Work required: Take every line in the entries that includes the word "last" and copy it.

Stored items

Lemma card_inner_ends_tstar X : #|inner_ends X| <= tstar_size root_kept par_kept decomp_map X.
Proof.
rewrite /tstar_size -(card_imset _ val_inj); apply/subset_leq_card/subsetP => v.
rewrite inE => /andP [top_v /existsP [e /andP [eX end_v]]].
have kept_v : kept_vertex v by rewrite inE top_v orbT.
apply/imsetP; exists (insubd root_kept v); last by rewrite val_insubd kept_v.
rewrite inE; apply/andP; split.
  apply/eqP => /(congr1 val); rewrite val_insubd kept_v /= => v_root.
  by move: top_v; rewrite v_root comp_top_root eqxx.
apply/existsP; exists e; rewrite eX /=; apply: induced_fconnect.
rewrite val_insubd kept_v val_decomp_map; have [anc1 anc2] := deeper_end_ancestors e.
by case/orP: end_v => /eqP ->.
Qed.

(* Component tops and vertices missed by [F] lie in distinct components of [F]. *)
Lemma card_acyclic_inner_ends F : acyclic ends F -> #|F| <= #|inner_ends F|.
Proof.
move=> acF; suff sepR : separated ends F (~: inner_ends F).
  by have := card_acyclic_separated acF sepR; rewrite -(cardsC (inner_ends F)) leq_add2r.
move=> r1 r2; rewrite !in_setC !in_set !negb_and.
move=> /orP [/negPn top1 | isol1] /orP [/negPn top2 | isol2] ne; apply/negP => C12;
  try by rewrite (connect_link_isolated isol1 C12) eqxx in ne.
  have := comp_top_eq (connect_linkS (subsetT F) C12).
  by rewrite (eqP top1) (eqP top2) => r12; rewrite r12 eqxx in ne.
by rewrite connect_link_sym in C12; rewrite (connect_link_isolated isol2 C12) eqxx in ne.
Qed.

Lemma graphic_rank_tstar X : graphic_rank ends X <= tstar_size root_kept par_kept decomp_map X.
Proof.
apply: graphic_rank_leq => F sFX acF; apply: leq_trans (card_acyclic_inner_ends acF) _.
apply: leq_trans (card_inner_ends_tstar X); apply/subset_leq_card/subsetP => v.
rewrite !inE => /andP [-> /existsP [e /andP [eF end_v]]].
by apply/existsP; exists e; rewrite (subsetP sFX).
Qed.

Lemma card_kept : #|{: Vkept}| = #|~: [set v | comp_top v == v]|.+1.
Proof.
have kept_tops : [pred v | kept_vertex v] =i root |: ~: [set v | comp_top v == v].
  by move=> v; rewrite !inE.
by rewrite card_sig (eq_card kept_tops) cardsU1 !inE comp_top_root eqxx.
Qed.

Lemma graphic_rank_setT : graphic_rank ends setT = #|{: Vkept}|.-1.
Proof.
apply/eqP; rewrite eqn_leq; apply/andP; split.
  apply: leq_trans (graphic_rank_tstar setT) _; rewrite -(cardC1 root_kept).
  by apply/subset_leq_card/subsetP => w; rewrite !inE => /andP [].
have [F [_ acF rankF]] := graphic_rank_witness ends setT.
have span := max_acyclic_spanning (subsetT F) acF rankF.
have cover x : exists2 r, r \in [set v | comp_top v == v] & connect (link ends F) x r.
  exists (comp_top x); first by rewrite inE comp_top_idem.
  apply: connect_sub (comp_topP x).1 => u v /existsP [e /andP [eT /joinsb_cases ends_e]].
  by case: ends_e => -[-> ->]; rewrite ?(connect_link_sym ends F (ends e).2) span.
have := card_covering cover; rewrite card_kept rankF -(cardsC [set v | comp_top v == v]) /=.
lia.
Qed.

End TreeDepthDecomposition.

Theorem proposition3p6 (V E : finType) (ends : E -> V * V) (k : nat) :
  tree_depth_graph_le ends k -> branch_depth_le (graphic_rank ends) k.
Proof.
move=> [root [par [tree [closed depth_k]]]].
exists {v | kept_vertex ends tree v}, (induced_root (kept_root ends tree)),
  (induced_par tree (kept_root ends tree)), (decomp_map ends tree).
split; last exact: induced_tree_depth_le.
split; first exact: induced_rooted_tree.
by split; [exact: graphic_rank_setT | exact: graphic_rank_tstar].
Qed.
Lemma card_walk_end_ge_reflection :
  (#|[set b : {set 'I_N} | (z <= walk b N)%R]| <=
   #|[set b : {set 'I_N} | stays_positive b && (z <= walk b N)%R]| +
   #|[set b : {set 'I_N} | (3 * z <= walk b N)%R]|)%N.
Proof.
set A := [set b : {set 'I_N} | z <= walk b N].
have A_split : A \subset
    [set b : {set 'I_N} | stays_positive b && (z <= walk b N)] :|: [set b in A | hits b].
  apply/subsetP => b; rewrite !inE => zb; rewrite zb andbT /=.
  case hb: (hits b); rewrite ?orbT // orbF.
  apply/forallP => i; move/negbT: hb; rewrite /hits -all_predC => /allP/(_ i.+1).
  by rewrite mem_iota ltnS ltn_ord /= /below -ltNge => ->.
apply: leq_trans (subset_leq_card A_split) _; apply: leq_trans (leq_card_setU _ _) _.
rewrite leq_add2l -(card_in_imset (f := reflect_before)); last first.
  by move=> b1 b2; rewrite !inE => /andP[_ ?] /andP[_ ?]; exact: reflect_before_inj.
apply/subset_leq_card/subsetP => c /imsetP[b]; rewrite !inE => /andP[zb hb] ->.
by rewrite walk_reflect_end //; have := below_hit_time hb; rewrite /below; lia.
Qed.
(* Let $X$ be a topological space and let $\kappa,\mu\in\mathrm{MG}(X)$ be cardinals with $\kappa<\mu$. Assume that either (1) $\kappa=1$ and $\omega_0<\mu$, or (2) $\omega_0\le\kappa$. Then $X$ is discrete.
   Context: A linearly ordered Abelian group is an Abelian group with a linear order compatible with addition. For $x,y\in G_{>0}$, $x\asymp y$ iff $y\le nx$ and $x\le my$ for some $n,m\in\mathbb{Z}_{\ge1}$; $\mathrm{Arc}(G)=G_{>0}/\asymp$, ordered by $[x]\preceq[y]$ iff ($nx<y$ for all $n$) or $x\asymp y$; $\mathrm{Arc}(G)^\perp$ is $\mathrm{Arc}(G)$ with a new least element adjoined. For a bottomed linearly ordered set $S$ (least element $\perp_S$, $S^*=S\setminus\{\perp_S\}$), $\chi(S)$ is the least cardinal $\kappa>0$ such that some strictly decreasing family $(s_\alpha)_{\alpha<\kappa}$ in $S^*$ has every $t\in S^*$ bounded below by some $s_\alpha$. A $G$-metric on $X$: $d\colon X^2\to G$ with $d(x,y)=0\iff x=y$, $d\ge0$, symmetric, triangle inequality; $\mathrm{Met}(X;G)$ is the set of $G$-metrics generating the topology of $X$ via open balls of radii in $G_{>0}$. $\kappa\in\mathrm{MG}(X)$ iff some linearly ordered Abelian group $G$ with $\chi(\mathrm{Arc}(G)^\perp)=\kappa$ has $\mathrm{Met}(X;G)\ne\emptyset$. *)

From HB Require Import structures.
From mathcomp Require Import all_boot all_algebra.
From mathcomp Require Import classical_sets topology.
Set Implicit Arguments. Unset Strict Implicit. Unset Printing Implicit Defensive.
Import GRing.Theory.
Local Open Scope ring_scope.
Local Open Scope classical_set_scope.
(* Let $\Gamma$ be a finitely generated discrete group with finite symmetric generating set $Q$, and let $Z\subseteq\mathrm{Sub}(\Gamma)$ be a uniformly recurrent subgroup of $\Gamma$. For any $H,H'\in Z$, the topological groupoids $\mathcal{G}_H$ and $\mathcal{G}_{H'}$ (defined in the context) are isomorphic.
   Context: Word length $l(\gamma)$ is taken with respect to $Q$. $\mathrm{Sub}(\Gamma)$ is the space of subgroups of $\Gamma$ with the topology of pointwise convergence of indicator functions, with $\Gamma$ acting by conjugation $\gamma.H=\gamma H\gamma^{-1}$. A uniformly recurrent subgroup (URS) is a nonempty closed $\Gamma$-invariant subset $Z\subseteq\mathrm{Sub}(\Gamma)$ on which every $\Gamma$-orbit is dense. For $H\le\Gamma$, the Schreier graph $S(H)=S_\Gamma^Q(H)$ is the rooted labeled graph with vertex set $\Gamma/H$, root $H$, and for each $\gamma H\in\Gamma/H$ and $q\in Q$ an edge from $\gamma H$ to $q\gamma H$ labeled $q$; $d$ is the shortest-path metric and $B_n(S,p)$ the ball of radius $n$ around a vertex $p$. Two rooted labeled balls are root-label isomorphic if there is a graph isomorphism between them preserving roots and labels (such an isomorphism is unique). Construction of $\mathcal{G}_H$ for $H\in Z$: write $S=S(H)$. For $p\in\Gamma/H$ and $n\ge 0$ let $[p]_n$ be the root-label isomorphism class of the rooted labeled ball $(B_n(S,p),p)$, and let $E_n=\{[p]_n: p\in\Gamma/H\}$ (a finite discrete set), with maps $E_{n+1}\to E_n$, $[p]_{n+1}\mapsto[p]_n$. Let $\mathcal{G}_H^0=\varprojlim E_n$. For $x=(x_n)\in\mathcal{G}_H^0$ choose vertices $p_n\in\Gamma/H$ with $x_n=[p_n]_n$. The arrows of $\mathcal{G}_H$ are equivalence classes of pairs $(x,\gamma)$ with $x\in\mathcal{G}_H^0$, $\gamma\in\Gamma$, where $(x,\gamma)\sim(x,\gamma')$ iff $\gamma p_n=\gamma' p_n$ for all sufficiently large $n$ (independent of choices). Range $r(x,\gamma)=x$; source $s(x,\gamma)=\gamma.x$, where $(\gamma.x)_n=[\gamma p_{n+l(\gamma)}]_n$; product $(x,\gamma')(\gamma'.x,\gamma)=(x,\gamma\gamma')$; inverse $(x,\gamma)^{-1}=(\gamma.x,\gamma^{-1})$; units are $(x,e)$. The topology on $\mathcal{G}_H$ is generated by the sets $U_{c,\gamma}=\{(x,\gamma): x_N=c\}$ for $N\in\mathbb{N}$, $c\in E_N$, $\gamma\in\Gamma$ with $l(\gamma)\le N$. *)

From Stdlib Require Import List Arith ClassicalEpsilon.
Import ListNotations.

Set Implicit Arguments.

Record Grp := {
  carrier :> Type;
  gmul : carrier -> carrier -> carrier;
  ginv : carrier -> carrier;
  gone : carrier;
  gmulA : forall a b c, gmul a (gmul b c) = gmul (gmul a b) c;
  gmul1 : forall a, gmul gone a = a;
  gmulV : forall a, gmul (ginv a) a = gone }.
Theorem lemma4p6 (A : TwoCat) (e b bb bbb : Obj A) (p : Hom e b)
  (* opcomma object b↑_p b *)
  (d0 d1 : Hom b bb) (al : Cell (comp1 d1 p) (comp1 d0 p))
  (Hopc : IsOpcomma A p d0 d1 al)
  (* two-dimensional pushout b↑_p b↑_p b of the span (δ^0, δ^1) *)
  (D0 D2 : Hom bb bbb) (Hpush : IsPushout2 A d0 d1 D2 D0)
  (* D^1 *)
  (D1 : Hom bb bbb)
  (HD1a : comp1 D1 d1 = comp1 D2 d1) (HD1b : comp1 D1 d0 = comp1 D0 d0)
  (HD1c : is_vcomp (hcomp (id2 D1) al) (hcomp (id2 D0) al) (hcomp (id2 D2) al))
  (* s^0 *)
  (s0 : Hom bb b)
  (Hs0a : comp1 s0 d0 = id1 b) (Hs0b : comp1 s0 d1 = id1 b)
  (Hs0c : cell_eq (hcomp (id2 s0) al) (id2 p))
  (* right Kan extension (t, γ) of p along p, preserved by δ^0 *)
  (t : Hom b b) (gam : Cell (comp1 t p) p)
  (Hran : IsRan A p p t gam) (Hpres : PreservesRan A p p t gam d0)
  (* codensity monad (b, t, m, η) *)
  (m : Cell (comp1 t t) t) (eta : Cell (id1 b) t)
  (Hm : cell_eq (vcomp gam (hcomp m (id2 p))) (vcomp gam (hcomp (id2 t) gam)))
  (Heta : cell_eq (vcomp gam (hcomp eta (id2 p))) (id2 p))
  (* ℓ *)
  (l : Hom bb b)
  (Hla : comp1 l d0 = id1 b) (Hlb : comp1 l d1 = t)
  (Hlc : cell_eq (hcomp (id2 l) al) gam)
  (* ℓ-bar *)
  (lb : Hom bbb b)
  (Hlba : comp1 lb D0 = l) (Hlbb : comp1 lb D2 = comp1 t l) :
  exists (theta : Cell s0 l) (lam : Cell (comp1 lb D1) l),
    cell_eq (hcomp theta (id2 d1)) eta /\
    cell_eq (hcomp theta (id2 d0)) (id2 (id1 b)) /\
    cell_eq (hcomp lam (id2 d1)) m /\
    cell_eq (hcomp lam (id2 d0)) (id2 (id1 b)).
Proof.
  destruct (codensity_unit_lift A e b bb p d0 d1 al Hopc t gam l Hla Hlb Hlc
              s0 eta Hs0a Hs0b Hs0c Heta) as [theta [Htheta0 Htheta1]].
  destruct (codensity_mult_lift A e b bb bbb p d0 d1 al Hopc t gam l Hla Hlb Hlc
              D0 D1 D2 lb m HD1a HD1b HD1c Hlba Hlbb Hm) as [lam [Hlam0 Hlam1]].
  exists theta, lam. auto.
Qed.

Result for this task:
apply/imsetP; exists (insubd root_kept v); last by rewrite val_insubd kept_v.
split; last exact: induced_tree_depth_le.
rewrite leq_add2l -(card_in_imset (f := reflect_before)); last first.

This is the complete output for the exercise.